Our quotes are just a flat rate based on bedrooms and bathrooms. Then you can add items a la carte. Things like inside the fridge, interior windows, basement, etc. With that flat rate, we include 1 kitchen/dining and 1 living room. Any other rooms are priced as an additional bedroom. Half Baths are same price as full.

With flat rate pricing you get people who play games fairly often. Especially if you never had them on the phone. They'll claim 2 bedrooms when it's really 3, or they want some additional items that's not in the base pricing. Just part of the game. We combat this with a check box people are required to select that essentially lays out that the price they see is subject to change based on what we find when we actually come to the property. It's said in nicer words, but that's the gist of it.

With that being said, you're going to get pricing wrong. Even when you quote a job in person you're going to be way off on occasion. Most of the time you'll be a bit under or over what you thought it'd be and it works itself out. Rarely will you be spot on. Again, it's part of the game. Not something to worry about.

Oftentimes, you can go back to the client and explain why it's taking longer and renegotiate price. If you're delivering a quality service and they can see that, they'll work with you. If they feel it's not, they'll whine. Sometimes they'll whine regardless. Who cares. Absolute worst case is you were way off and the job took hours longer than anticipated, or you even had to return the next day to finish because of how long it's taking. You take the loss, learn from it, and move on. In cleaning, that potential loss is at most a few hundred dollars. We're lucky in that regard. Large building contractors often run the risk of being off by tens of thousands that they may not be able to to collect on.

"One thing I am having a hard time getting my head around is being able to pay our workers plus equipment, insurances, products, training, sick days etc etc etc and make a reasonable profit"

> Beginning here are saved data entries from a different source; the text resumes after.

Lemma conv_map (f : Y -> Y) s y :
  (forall eps, eps > 0 -> exists delta, delta > 0 /\ forall z, d y z < delta -> d (f y) (f z) < eps) ->
  conv s y -> conv (fun n => f (s n)) (f y).
Proof.
  intros Hf H e he. destruct (Hf e he) as [dl [hdl Hdl]].
  destruct (H dl hdl) as [N HN]. exists N. intros n hn.
  rewrite d_sym. apply Hdl. rewrite d_sym. apply HN. exact hn.
Qed.

Context (hcpt : is_compact_space d).

(* Every sequence has a cluster point: otherwise the balls around each point
   that the sequence eventually avoids form an open cover without a finite
   subcover. *)
Lemma cluster_point (s : nat -> Y) : exists y, forall r, r > 0 -> forall N, exists n, (n >= N)%nat /\ d (s n) y < r.
Proof.
  apply NNPP. intros Hno.
  set (U := fun (i : Y * R * nat) (z : Y) =>
     let '(y, r, N) := i in r > 0 /\ d y z < r /\ forall n, (n >= N)%nat -> 2 * r <= d (s n) y).
  destruct (hcpt _ U) as [l Hl].
  - intros [[y r] N] x Hx. simpl in Hx. destruct Hx as [hr [hyx hn]].
    exists (r - d y x). split; [lra|]. intros z hz. simpl. split; [lra|]. split; [|exact hn].
    pose proof (d_tri y x z). lra.
  - intros z. apply NNPP. intros Hz. apply Hno. exists z. intros r hr N.
    apply NNPP. intros H2. apply Hz. exists (z, r/2, N). simpl. split; [lra|]. split.
    + rewrite d_refl. lra.
    + intros n hn. apply Rnot_lt_le. intros hlt. apply H2. exists n. split; [exact hn|]. lra.
  - set (N := lmax (map (fun i : Y * R * nat => let '(_, _, N) := i in N) l)).
    destruct (Hl (s N)) as [[[y r] N0] [hin hU]]. simpl in hU. destruct hU as [hr [hys hn]].
    assert (N0 <= N)%nat.
    { unfold N. apply lmax_in. apply (in_map (fun i : Y * R * nat => let '(_, _, N) := i in N)) in hin. exact hin. }
    specialize (hn N H). rewrite d_sym in hys. lra.
Qed.

Lemma cauchy_converges (s : nat -> Y) :
  (forall eps, eps > 0 -> exists N, forall n m, (n >= N)%nat -> (m >= N)%nat -> d (s n) (s m) < eps) ->
  exists y, conv s y.
Proof.
  intros Hc. destruct (cluster_point s) as [y Hy]. exists y. intros e he.
  destruct (Hc (e/2)) as [N HN]; [lra|]. exists N. intros n hn.
  destruct (Hy (e/2) ltac:(lra) N) as [m [hm hd]].
  specialize (HN n m hn hm). pose proof (d_tri (s n) (s m) y). lra.
Qed.

Lemma sequentially_compact (s : nat -> Y) : exists phi : nat -> nat, (forall n, (phi n < phi (S n))%nat) /\
   exists y, conv (fun n => s (phi n)) y.
Proof.
  destruct (cluster_point s) as [y Hy].
  assert (Hp : forall N : nat, forall n : nat, {m : nat | (m >= N)%nat /\ d (s m) y < / INR (S n)}).
  { intros N n. apply constructive_indefinite_description. apply Hy.
    apply Rinv_0_lt_compat. apply lt_0_INR. lia. }
  set (phi := fix phi n := match n with O => proj1_sig (Hp O O) | S k => proj1_sig (Hp (S (phi k)) (S k)) end).
  exists phi. split.
  - intros n. change (phi n < proj1_sig (Hp (S (phi n)) (S n)))%nat.
    pose proof (proj2_sig (Hp (S (phi n)) (S n))) as [hm _]. lia.
  - exists y. intros e he.
    destruct (inv_succ_small e he) as [N0 hN0]. exists N0. intros n hn.
    assert (Hd : d (s (phi n)) y < / INR (S n)).
    { destruct n; [exact (proj2 (proj2_sig (Hp O O)))|].
      exact (proj2 (proj2_sig (Hp (S (phi n)) (S n)))). }
    assert (/ INR (S n) <= / INR (S N0)).
    { apply Rinv_le_contravar; [apply lt_0_INR; lia|apply le_INR; lia]. }
    lra.
Qed.

End Metric.

Lemma increasing_ge_id (phi : nat -> nat) : (forall n, (phi n < phi (S n))%nat) -> forall n, (n <= phi n)%nat.
Proof. intros H n. induction n; [lia|]. specialize (H n). lia. Qed.

Section Diagonal.
Context {Y : Type} (d : Y -> Y -> R) (hmet : is_metric d) (hcpt : is_compact_space d).
(* Let $(\mathcal{K},c)$, $(\mathcal{K}',c')$, $(\mathcal{K}'',e)$ be 2-categories with Yang–Baxter operators, and let $\mathcal{F}:(\mathcal{K},c)\to(\mathcal{K}',c')$ and $\mathcal{G}:(\mathcal{K}',c')\to(\mathcal{K}'',e)$ be bilax functors with compatible Yang–Baxter operators. Then the composite $\mathcal{G}\mathcal{F}:(\mathcal{K},c)\to(\mathcal{K}'',e)$ (with the composite lax and colax structures) is a bilax functor with compatible Yang–Baxter operator, with Yang–Baxter operator $\nu_{g,f}:=\nu^{\mathcal{G}}_{\mathcal{F}(g),\mathcal{F}(f)}$ for 1-endocells $g,f$ of $\mathcal{K}$, where $\nu^{\mathcal{G}}$ is the Yang–Baxter operator of $\mathcal{G}$.
   Context: Conventions: in a 2-category, $\circ$ is horizontal composition ($g\circ f$: first $f$ then $g$), $\cdot$ is vertical composition ($\beta\cdot\alpha$: first $\alpha$), $1$ denotes identity 2-cells; a 1-endocell is a 1-cell $A\to A$. A functor $\mathcal{F}:\mathcal{K}\to\mathcal{K}'$ that is both lax and colax has lax structure $\mathcal{F}^2_{g,f}:\mathcal{F}(g)\circ\mathcal{F}(f)\Rightarrow\mathcal{F}(g\circ f)$, $\mathcal{F}^0_A:\mathrm{id}_{\mathcal{F}(A)}\Rightarrow\mathcal{F}(\mathrm{id}_A)$ (natural, associative, unital) and colax structure $\mathcal{F}_{2;g,f}:\mathcal{F}(g\circ f)\Rightarrow\mathcal{F}(g)\circ\mathcal{F}(f)$, $\mathcal{F}_{0;A}:\mathcal{F}(\mathrm{id}_A)\Rightarrow\mathrm{id}_{\mathcal{F}(A)}$ (natural, coassociative, counital). A Yang–Baxter operator for $\mathcal{F}$ is a family of 2-cells $\nu_{g,f}:\mathcal{F}(g)\circ\mathcal{F}(f)\Rightarrow\mathcal{F}(f)\circ\mathcal{F}(g)$, for 1-endocells $f,g$ of a common object, natural in $f,g$, with $(\nu_{g,f}\circ1)\cdot(1\circ\nu_{h,f})\cdot(\nu_{h,g}\circ1)=(1\circ\nu_{h,g})\cdot(\nu_{h,f}\circ1)\cdot(1\circ\nu_{g,f})$ and $(1\circ\mathcal{F}_0)\cdot\nu_{\mathrm{id},f}\cdot(\mathcal{F}^0\circ1)=1_{\mathcal{F}(f)}=(\mathcal{F}_0\circ1)\cdot\nu_{f,\mathrm{id}}\cdot(1\circ\mathcal{F}^0)$. A Yang–Baxter operator $c$ of $\mathcal{K}$ is one for the identity 2-functor ($c_{g,f}:g\circ f\Rightarrow f\circ g$). Given $(\mathcal{K},c)$, a bilax functor $(\mathcal{F},\nu):(\mathcal{K},c)\to\mathcal{K}'$ is a lax and colax functor with a Yang–Baxter operator $\nu$ such that for all 1-endocells $f,g,h$ of a common object: $\nu_{hg,f}\cdot(\mathcal{F}^2_{h,g}\circ1)=(1\circ\mathcal{F}^2_{h,g})\cdot(\nu_{h,f}\circ1)\cdot(1\circ\nu_{g,f})$; $\nu_{\mathrm{id},f}\cdot(\mathcal{F}^0\circ1)=1\circ\mathcal{F}^0$; $\nu_{h,gf}\cdot(1\circ\mathcal{F}^2_{g,f})=(\mathcal{F}^2_{g,f}\circ1)\cdot(1\circ\nu_{h,f})\cdot(\nu_{h,g}\circ1)$; $\nu_{f,\mathrm{id}}\cdot(1\circ\mathcal{F}^0)=\mathcal{F}^0\circ1$; $(\mathcal{F}_{2;h,g}\circ1)\cdot\nu_{f,hg}=(1\circ\nu_{f,g})\cdot(\nu_{f,h}\circ1)\cdot(1\circ\mathcal{F}_{2;h,g})$; $(\mathcal{F}_0\circ1)\cdot\nu_{f,\mathrm{id}}=1\circ\mathcal{F}_0$; $(1\circ\mathcal{F}_{2;g,f})\cdot\nu_{gf,h}=(\nu_{g,h}\circ1)\cdot(1\circ\nu_{f,h})\cdot(\mathcal{F}_{2;g,f}\circ1)$; $(1\circ\mathcal{F}_0)\cdot\nu_{\mathrm{id},f}=\mathcal{F}_0\circ1$; and, for 1-cells $A\xrightarrow{k}B\xrightarrow{h}B\xrightarrow{f}B\xrightarrow{g}C$: $(\mathcal{F}^2_{g,h}\circ\mathcal{F}^2_{f,k})\cdot(1_{\mathcal{F}(g)}\circ\nu_{f,h}\circ1_{\mathcal{F}(k)})\cdot(\mathcal{F}_{2;g,f}\circ\mathcal{F}_{2;h,k})=\mathcal{F}_{2;gh,fk}\cdot\mathcal{F}(1_g\circ c_{f,h}\circ1_k)\cdot\mathcal{F}^2_{gf,hk}$, $\mathcal{F}^0_A\circ\mathcal{F}^0_A=\mathcal{F}_{2;\mathrm{id},\mathrm{id}}\cdot\mathcal{F}^0_A$, $\mathcal{F}_{0;A}\circ\mathcal{F}_{0;A}=\mathcal{F}_{0;A}\cdot\mathcal{F}^2_{\mathrm{id},\mathrm{id}}$, $\mathcal{F}_{0;A}\cdot\mathcal{F}^0_A=1_{\mathrm{id}_{\mathcal{F}(A)}}$. A bilax functor $(\mathcal{F},\nu):(\mathcal{K},c)\to\mathcal{K}'$ has compatible Yang–Baxter operator with respect to a Yang–Baxter operator $c'$ of $\mathcal{K}'$, written $\mathcal{F}:(\mathcal{K},c)\to(\mathcal{K}',c')$, if $\nu_{f,g}=c'_{\mathcal{F}(f),\mathcal{F}(g)}$ for all 1-endocells $f,g$ of a common object. *)

(* A strict 2-category is presented as an essentially algebraic
   structure: a type of objects, a type of 1-cells (with domain/codomain) and a
   type of 2-cells (with source/target 1-cells).  Composition operations are
   total functions, but every axiom is only asserted for well-typed
   (composable) arguments, so values on non-composable arguments are
   irrelevant junk.  This is equivalent to the usual (Cat-enriched) definition
   and avoids transports along equalities of 1-cells.

   Conventions (as in the paper):
     comp1 g f  = g o f   (first f, then g)           -- 1-cells
     hcomp b a  = b o a   (horizontal, first a)         -- 2-cells
     vcomp b a  = b . a   (vertical, first a)           -- 2-cells
     id2 f      = 1_f *)

Set Implicit Arguments.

Easy answer is, it's hard... I just deleted a long list of ways to analyze and come up with accurate pricing, but to be completely frank, it's bullshit. There's too many unknowns. Especially in the beginning. Nothing is set in stone.

Easiest way is to copy pricing in your market. Call a competitor and ask their pricing. Charge the same then deliver a better service. Every 6 months or so, increase pricing across the board. Not drastic, but $3-5/hr or something like that. Think we started at like 30-35/hr per cleaner. We do 45-50 now.

Goal is to win business early with low pricing a service that knocks it out of the park. Build up a loyal base and slowly raise prices until you're a premium service in your market. The price seekers will fall away and you'll be left with valuable high paying clients.